Let \(A\) be an \(m\times n\) matrix and let \(b\) be a vector in \(\mathbb{R}^m \). The following are equivalent:
- \(Ax=b\) has a unique least-squares solution.
- The columns of \(A\) are linearly independent.
- \(A^TA\) is invertible.
In this case, the least-squares solution is
\[ \hat x = (A^TA)^{-1} A^Tb. \nonumber \]
- Proof
-
The set of least-squares solutions of \(Ax=b\) is the solution set of the consistent equation \(A^TAx=A^Tb\text{,}\) which is a translate of the solution set of the homogeneous equation \(A^TAx=0\).
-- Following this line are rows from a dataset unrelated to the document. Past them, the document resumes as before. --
(* Let $\mathbb{F}\in\{\mathbb{R},\mathbb{C}\}$, $\boldsymbol A\in\mathbb{F}^{m\times n}$, $k\in\{1,\dots,n\}$, and suppose there exist a map $\Delta:\mathbb{R}^m\to\mathbb{F}^n$ and $c_0>0$ with $\mathrm{dist}(\Delta(|\boldsymbol A\boldsymbol x|),\boldsymbol x)\le c_0\,\sigma_k(\boldsymbol x)_2$ for all $\boldsymbol x\in\mathbb{F}^n$. Then for every $\boldsymbol\eta\in\mathbb{F}^n$ with $\boldsymbol A\boldsymbol\eta=\boldsymbol 0$ and every $T\subset\{1,\dots,n\}$ with $\#T\le 2k$, \[ \|\boldsymbol\eta\|_2\le c_0\,\sigma_{2k}(\boldsymbol\eta)_2\le c_0\,\|\boldsymbol\eta_{T^c}\|_2 . \]
   Context: $|\boldsymbol u|$ is the entrywise modulus. $\mathrm{dist}(\boldsymbol x,\boldsymbol y)=\min_{c\in\mathbb F,|c|=1}\|\boldsymbol x-c\boldsymbol y\|_2$. $\Sigma_s=\{\boldsymbol z\in\mathbb F^n:\|\boldsymbol z\|_0\le s\}$, $\sigma_s(\boldsymbol x)_2=\min_{\boldsymbol z\in\Sigma_s}\mathrm{dist}(\boldsymbol x,\boldsymbol z)$. For $T\subset\{1,\dots,n\}$, $\boldsymbol\eta_{T}$ is the vector agreeing with $\boldsymbol\eta$ on $T$ and zero elsewhere, and $T^c$ is the complement of $T$. *)

From HB Require Import structures.
From mathcomp Require Import all_boot all_order all_algebra.
From mathcomp Require Import boolp classical_sets reals.
From mathcomp Require Import complex.
Set Implicit Arguments. Unset Strict Implicit. Unset Printing Implicit Defensive.
Import Order.TTheory GRing.Theory Num.Theory.
Local Open Scope ring_scope.

Section Defs.
(* R: the reals; F: the scalar field (R or R[i]); md : F -> R its modulus. *)
Variables (R : realType) (F : pzRingType) (md : F -> R).

Definition absv m (u : 'cV[F]_m) : 'cV[R]_m := \col_i md (u i 0).

Definition norm2 n (x : 'cV[F]_n) : R := Num.sqrt (\sum_i md (x i 0) ^+ 2).

(* dist(x,y) = min_{|c|=1} ||x - c y||_2  (the minimum is attained; we use inf) *)
Definition dist n (x y : 'cV[F]_n) : R :=
  inf [set norm2 (x - c *: y) | c in [set c : F | md c = 1]]%classic.

Definition norm0 n (z : 'cV[F]_n) : nat := #|[set i | z i 0 != 0]|.

Definition sigma n (s : nat) (x : 'cV[F]_n) : R :=
  inf [set dist x z | z in [set z : 'cV[F]_n | (norm0 z <= s)%N]]%classic.

Definition restr n (T : {set 'I_n}) (eta : 'cV[F]_n) : 'cV[F]_n :=
  \col_i (if i \in T then eta i 0 else 0).
End Defs.

(* If [A eta = 0] and [T] is split into [T1] and [T2 := T :\: T1], both of size at most [k],
   then [eta_T1] and [eta - eta_T1] have the same measurements [|A x|], since their images
   under [A] are opposite.  Hence one output [D] of [Delta] is, up to a phase, exactly the
   [k]-sparse vector [eta_T1], and is within [c0 ||eta_(T^c)||] of [eta - eta_T1] up to a
   phase, because [eta - eta_T1 - eta_T2 = eta_(T^c)].  The two pieces have disjoint
   supports, so both phases can be undone at once and the triangle inequality gives the
   null space property [||eta|| <= c0 ||eta_(T^c)||].  Applied to the support of a
   [2k]-sparse [z], it bounds [||eta||] by [c0 ||eta - c z||], hence by [c0 sigma_2k(eta)]. *)

From HB Require Import structures.
From mathcomp Require Import all_boot all_order all_algebra.
From mathcomp Require Import boolp classical_sets reals.
From mathcomp Require Import complex.
From mathcomp Require Import ring lra zify.
Import Order.TTheory GRing.Theory Num.Theory.
Set Implicit Arguments. Unset Strict Implicit. Unset Printing Implicit Defensive.
Local Open Scope ring_scope.

Section L2norm.
Variables (R : rcfType) (n : nat).
Implicit Types a b : 'I_n -> R.

Definition l2norm a : R := Num.sqrt (\sum_i a i ^+ 2).

Lemma l2norm_ge0 a : 0 <= l2norm a.
Proof. exact: sqrtr_ge0. Qed.

Lemma sqr_l2norm a : l2norm a ^+ 2 = \sum_i a i ^+ 2.
Proof. by rewrite sqr_sqrtr // sumr_ge0 // => i _; exact: sqr_ge0. Qed.

Lemma l2norm_eq0 a : l2norm a = 0 -> forall i, a i = 0.
Proof.
move=> a0 i; apply/eqP; rewrite -sqrf_eq0; apply/eqP.
have sum0 : \sum_j a j ^+ 2 = 0 by rewrite -sqr_l2norm a0 expr0n.
exact: (psumr_eq0P (fun j _ => sqr_ge0 (a j)) sum0).
Qed.

Lemma ler_l2norm a b : (forall i, 0 <= a i <= b i) -> l2norm a <= l2norm b.
Proof.
move=> ab; rewrite ler_sqrt ?sumr_ge0 // => [|i _]; last exact: sqr_ge0.
by apply: ler_sum => i _; have /andP[a0 ?] := ab i; rewrite ler_pXn2r ?nnegrE ?(le_trans a0).
Qed.

Lemma l2norm_CauchySchwarz a b : \sum_i a i * b i <= l2norm a * l2norm b.
Proof.
have [A0|A_neq0] := eqVneq (l2norm a) 0.
  by rewrite A0 mul0r big1 // => i _; rewrite (l2norm_eq0 A0) mul0r.
have [B0|B_neq0] := eqVneq (l2norm b) 0.
  by rewrite B0 mulr0 big1 // => i _; rewrite (l2norm_eq0 B0) mulr0.
have AB_gt0 : 0 < l2norm a * l2norm b by rewrite mulr_gt0 // lt0r ?A_neq0 ?B_neq0 l2norm_ge0.
rewrite -(ler_pM2r AB_gt0).
set A := l2norm a in AB_gt0 *; set B := l2norm b in AB_gt0 *.
(* AM-GM termwise: [2 (a_i B) (b_i A) <= (a_i B)^2 + (b_i A)^2] *)
have amgm i : 2 * (a i * b i) * (A * B) <= a i ^+ 2 * B ^+ 2 + b i ^+ 2 * A ^+ 2.
  by have := sqr_ge0 (a i * B - b i * A); nra.
have : \sum_i 2 * (a i * b i) * (A * B)
    <= \sum_i (a i ^+ 2 * B ^+ 2 + b i ^+ 2 * A ^+ 2) by apply: ler_sum => i _.
rewrite big_split /= -!mulr_suml -!mulr_sumr -!sqr_l2norm -/A -/B.
nra.
Qed.

Lemma l2normD a b : l2norm (fun i => a i + b i) <= l2norm a + l2norm b.
Proof.
rewrite -ler_sqr ?nnegrE ?addr_ge0 ?l2norm_ge0 // sqrrD !sqr_l2norm.
have -> : \sum_i (a i + b i) ^+ 2
    = \sum_i a i ^+ 2 + \sum_i b i ^+ 2 + 2 * \sum_i a i * b i.
  by rewrite mulr_sumr -!big_split /=; apply: eq_bigr => i _; ring.
by rewrite -!sqr_l2norm; have := l2norm_CauchySchwarz a b; lra.
Qed.

End L2norm.

Lemma card_split_double (T : finType) (S : {set T}) k : (#|S| <= 2 * k)%N ->
  exists2 S1 : {set T}, S1 \subset S & (#|S1| <= k)%N && (#|S :\: S1| <= k)%N.
Proof.
move=> card_S; pose S1 := [set x in take k (enum S)].
have card_S1 : #|S1| = minn k #|S|.
  by rewrite cardsE (card_uniqP (take_uniq _ (enum_uniq _))) size_take_min -cardE.
have sub_S1 : S1 \subset S.
  by apply/fintype.subsetP => x; rewrite inE => /mem_take; rewrite mem_enum.
exists S1 => //; rewrite cardsD (finset.setIidPr sub_S1) card_S1; apply/andP; split; lia.
Qed.

Section Modulus.
Variables (R : realType) (F : pzRingType) (md : F -> R).
Hypotheses (md0 : md 0 = 0) (md1 : md 1 = 1) (mdN : forall a, md (- a) = md a)
  (mdM : forall a b, md (a * b) = md a * md b)
  (ler_mdD : forall a b, md (a + b) <= md a + md b) (md_ge0 : forall a, 0 <= md a).
Variable n : nat.
Implicit Types (x y z eta : 'cV[F]_n) (S T : {set 'I_n}).

Lemma norm2_ge0 x : 0 <= norm2 md x.
Proof. exact: l2norm_ge0. Qed.

Lemma ler_norm2 x y : (forall i, md (x i 0) <= md (y i 0)) -> norm2 md x <= norm2 md y.
Proof. by move=> xy; apply: ler_l2norm => i; rewrite md_ge0 xy. Qed.

Lemma eq_norm2 x y : (forall i, md (x i 0) = md (y i 0)) -> norm2 md x = norm2 md y.
Proof. by move=> xy; apply/le_anti; rewrite !ler_norm2 // => i; rewrite xy. Qed.

Lemma ler_norm2B x y : norm2 md (x - y) <= norm2 md x + norm2 md y.
Proof.
apply: le_trans (l2normD _ _); apply: ler_l2norm => i.
by rewrite !mxE md_ge0 -(mdN (y i 0)) ler_mdD.
Qed.

Lemma norm2_0 : norm2 md (0 : 'cV[F]_n) = 0.
Proof. by rewrite /norm2 big1 ?sqrtr0 // => i _; rewrite mxE md0 expr0n. Qed.

Lemma absvN m (y : 'cV[F]_m) : absv md (- y) = absv md y.
Proof. by apply/matrixP => i j; rewrite !mxE mdN. Qed.

Lemma subr_restr S eta : eta - restr S eta = restr (~: S) eta.
Proof.
by apply/matrixP => i j; rewrite ord1 !mxE inE; case: (i \in S); rewrite ?subrr ?subr0.
Qed.

Lemma restr_setCB S T eta : S \subset T ->
  restr (~: S) eta - restr (T :\: S) eta = restr (~: T) eta.
Proof.
move=> sST; apply/matrixP => i j; rewrite !mxE !inE.
have [iS|_] := boolP (i \in S); first by rewrite (fintype.subsetP sST _ iS) subrr.
by case: (i \in T); rewrite ?subrr ?subr0.
Qed.

Lemma norm0_restr S eta : (norm0 (restr S eta) <= #|S|)%N.
Proof.
apply: subset_leq_card; apply/fintype.subsetP => i; rewrite inE mxE.
by case: (i \in S); rewrite ?eqxx.
Qed.

Lemma lb_le_dist x y b : (forall c, md c = 1 -> b <= norm2 md (x - c *: y)) ->
  b <= dist md x y.
Proof.
move=> lb; apply: lb_le_inf => [|_ [c /lb ? <-]] //.
by exists (norm2 md (x - 1 *: y)), 1.
Qed.

Lemma dist_le_norm2 x y c : md c = 1 -> dist md x y <= norm2 md (x - c *: y).
Proof.
move=> c1; apply: ge_inf; last by exists c.
by exists 0 => _ [c' _ <-]; exact: norm2_ge0.
Qed.

Lemma dist_le_norm2B x y : dist md x y <= norm2 md (x - y).
Proof. by rewrite -{2}[y]scale1r dist_le_norm2. Qed.

Lemma lb_le_sigma s x b : (forall z, (norm0 z <= s)%N -> b <= dist md x z) ->
  b <= sigma md s x.
Proof.
move=> lb; apply: lb_le_inf => [|_ [z /lb ? <-]] //.
have norm0_0 : norm0 (0 : 'cV[F]_n) = 0%N by apply: eq_card0 => i; rewrite !inE mxE eqxx.
by exists (dist md x 0), 0; rewrite //= norm0_0.
Qed.

Lemma sigma_le_dist s x z : (norm0 z <= s)%N -> sigma md s x <= dist md x z.
Proof.
move=> zs; apply: ge_inf; last by exists z.
by exists 0 => _ [z' _ <-]; apply: lb_le_dist => c _; exact: norm2_ge0.
Qed.

Lemma sigma_sparse s x : (norm0 x <= s)%N -> sigma md s x = 0.
Proof.
move=> xs; apply/le_anti/andP; split.
  by apply: le_trans (sigma_le_dist x xs) _; rewrite -norm2_0 -(subrr x) dist_le_norm2B.
by apply: lb_le_sigma => z _; apply: lb_le_dist => c _; exact: norm2_ge0.
Qed.

Lemma norm2_le_dist_restr (D : 'cV[F]_n) S eta :
  norm2 md eta <= dist md D (restr S eta) + dist md D (restr (~: S) eta).
Proof.
rewrite -lerBlDr; apply: lb_le_dist => a1 a1_1.
rewrite lerBlDr -lerBlDl; apply: lb_le_dist => a2 a2_1.
rewrite lerBlDl.
suff -> : norm2 md eta = norm2 md ((D - a1 *: restr S eta) - (D - a2 *: restr (~: S) eta)).
  exact: ler_norm2B.
apply: eq_norm2 => i; rewrite !mxE !inE; case: (i \in S) => /=.
  by rewrite mulr0 subr0 addrAC subrr add0r mdN mdM a1_1 mul1r.
by rewrite mulr0 subr0 subKr mdM a2_1 mul1r.
Qed.

Lemma sigma_le_norm2_restr s T eta : (#|T| <= s)%N ->
  sigma md s eta <= norm2 md (restr (~: T) eta).
Proof.
move=> Ts; apply: le_trans (sigma_le_dist eta (leq_trans (norm0_restr T eta) Ts)) _.
by rewrite -subr_restr dist_le_norm2B.
Qed.

Lemma norm2_le_sigma s c0 eta : 0 < c0 ->
  (forall T, (#|T| <= s)%N -> norm2 md eta <= c0 * norm2 md (restr (~: T) eta)) ->
  norm2 md eta <= c0 * sigma md s eta.
Proof.
move=> c0_gt0 null_space_bound; rewrite -ler_pdivrMl //; apply: lb_le_sigma => z zs.
apply: lb_le_dist => c _; rewrite ler_pdivrMl //.
apply: le_trans (null_space_bound [set i | z i 0 != 0] zs) _; rewrite ler_pM2l //.
apply: ler_norm2 => i; rewrite !mxE !inE.
by case: eqP => [->|_] /=; rewrite ?mulr0 ?subr0 ?md0.
Qed.

Section Recovery.
Variables (m : nat) (A : 'M[F]_(m, n)) (k : nat).
Variables (Delta : 'cV[R]_m -> 'cV[F]_n) (c0 : R).
Hypothesis c0_ge0 : 0 <= c0.
Hypothesis recovery :
  forall x, dist md (Delta (absv md (A *m x))) x <= c0 * sigma md k x.

Lemma recovery_null_space eta T : A *m eta = 0 -> (#|T| <= 2 * k)%N ->
  norm2 md eta <= c0 * norm2 md (restr (~: T) eta).
Proof.
move=> A_eta T_le; have [T1 sub_T1 /andP[T1_le T2_le]] := card_split_double T_le.
set u := restr T1 eta; set w := restr (~: T1) eta; set D := Delta (absv md (A *m u)).
have same_measurements : absv md (A *m w) = absv md (A *m u).
  by rewrite /w -subr_restr mulmxBr A_eta sub0r absvN.
have u_sparse : (norm0 u <= k)%N := leq_trans (norm0_restr _ _) T1_le.
have dist_u : dist md D u <= 0.
  by rewrite -(mulr0 c0) -(sigma_sparse u_sparse) recovery.
have dist_w : dist md D w <= c0 * norm2 md (restr (~: T) eta).
  rewrite /D -same_measurements; apply: le_trans (recovery w) _; rewrite ler_wpM2l //.
  apply: le_trans (sigma_le_dist _ (leq_trans (norm0_restr _ eta) T2_le)) _.
  by rewrite -(restr_setCB _ sub_T1) dist_le_norm2B.
apply: le_trans (norm2_le_dist_restr D T1 eta) _.
by rewrite -[X in _ <= X]add0r; exact: lerD.
Qed.

End Recovery.

Lemma recovery_sigma_bound m (A : 'M[F]_(m, n)) k (Delta : 'cV[R]_m -> 'cV[F]_n) c0 :
  0 < c0 ->
  (forall x, dist md (Delta (absv md (A *m x))) x <= c0 * sigma md k x) ->
  forall eta, A *m eta = 0 -> forall T, (#|T| <= 2 * k)%N ->
  norm2 md eta <= c0 * sigma md (2 * k) eta /\
  c0 * sigma md (2 * k) eta <= c0 * norm2 md (restr (~: T) eta).
Proof.
move=> c0_gt0 recovery eta A_eta T T_le; split.
  by apply: norm2_le_sigma => // T'; apply: recovery_null_space (ltW c0_gt0) recovery _ _ A_eta.
by rewrite ler_pM2l // sigma_le_norm2_restr.
Qed.

End Modulus.

Theorem mainTheorem6 (R : realType) :
  (forall (m n : nat) (A : 'M[R]_(m, n)) (k : nat),
     (1 <= k <= n)%N ->
     forall (Delta : 'cV[R]_m -> 'cV[R]_n) (c0 : R), 0 < c0 ->
     (forall x : 'cV[R]_n,
        dist (fun c : R => `|c|) (Delta (absv (fun c : R => `|c|) (A *m x))) x
        <= c0 * sigma (fun c : R => `|c|) k x) ->
     forall eta : 'cV[R]_n, A *m eta = 0 ->
     forall T : {set 'I_n}, (#|T| <= 2 * k)%N ->
       norm2 (fun c : R => `|c|) eta <= c0 * sigma (fun c : R => `|c|) (2 * k) eta /\
       c0 * sigma (fun c : R => `|c|) (2 * k) eta
         <= c0 * norm2 (fun c : R => `|c|) (restr (~: T) eta))
  /\
  (forall (m n : nat) (A : 'M[R[i]]_(m, n)) (k : nat),
     (1 <= k <= n)%N ->
     forall (Delta : 'cV[R]_m -> 'cV[R[i]]_n) (c0 : R), 0 < c0 ->
     (forall x : 'cV[R[i]]_n,
        dist (@ComplexField.Normc.normc R) (Delta (absv (@ComplexField.Normc.normc R) (A *m x))) x
        <= c0 * sigma (@ComplexField.Normc.normc R) k x) ->
     forall eta : 'cV[R[i]]_n, A *m eta = 0 ->
     forall T : {set 'I_n}, (#|T| <= 2 * k)%N ->
       norm2 (@ComplexField.Normc.normc R) eta <= c0 * sigma (@ComplexField.Normc.normc R) (2 * k) eta /\
       c0 * sigma (@ComplexField.Normc.normc R) (2 * k) eta
         <= c0 * norm2 (@ComplexField.Normc.normc R) (restr (~: T) eta)).
Proof.
split=> m n A k _; apply: recovery_sigma_bound.
- exact: normr0.
- exact: normr1.
- exact: normrN.
- exact: normrM.
- exact: ler_normD.
- exact: normr_ge0.
- exact: ComplexField.Normc.normc0.
- exact: ComplexField.Normc.normc1.
- exact: normcN.
- exact: ComplexField.Normc.normcM.
- exact: le_normcD.
- by case=> a b; exact: sqrtr_ge0.
Qed.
Since \(A^TA\) is a square matrix, the equivalence of 1 and 3 follows from Theorem 5.1.1 in Section 5.1. The set of least squares-solutions is also the solution set of the consistent equation \(Ax = b_{\text{Col}(A)}\text{,}\) which has a unique solution if and only if the columns of \(A\) are linearly independent by Recipe: Checking Linear Independence in Section 2.5.
Find the least-squares solutions of \(Ax=b\) where:
\[ A = \left(\begin{array}{ccc}1&0&1\\1&1&-1\\1&2&-3\end{array}\right) \qquad b = \left(\begin{array}{c}6\\0\\0\end{array}\right). \nonumber \]
Solution
We have
\[ A^TA = \left(\begin{array}{ccc}3&3&-3\\3&5&-7\\-3&-7&11\end{array}\right) \qquad A^Tb = \left(\begin{array}{c}6\\0\\6\end{array}\right). \nonumber \]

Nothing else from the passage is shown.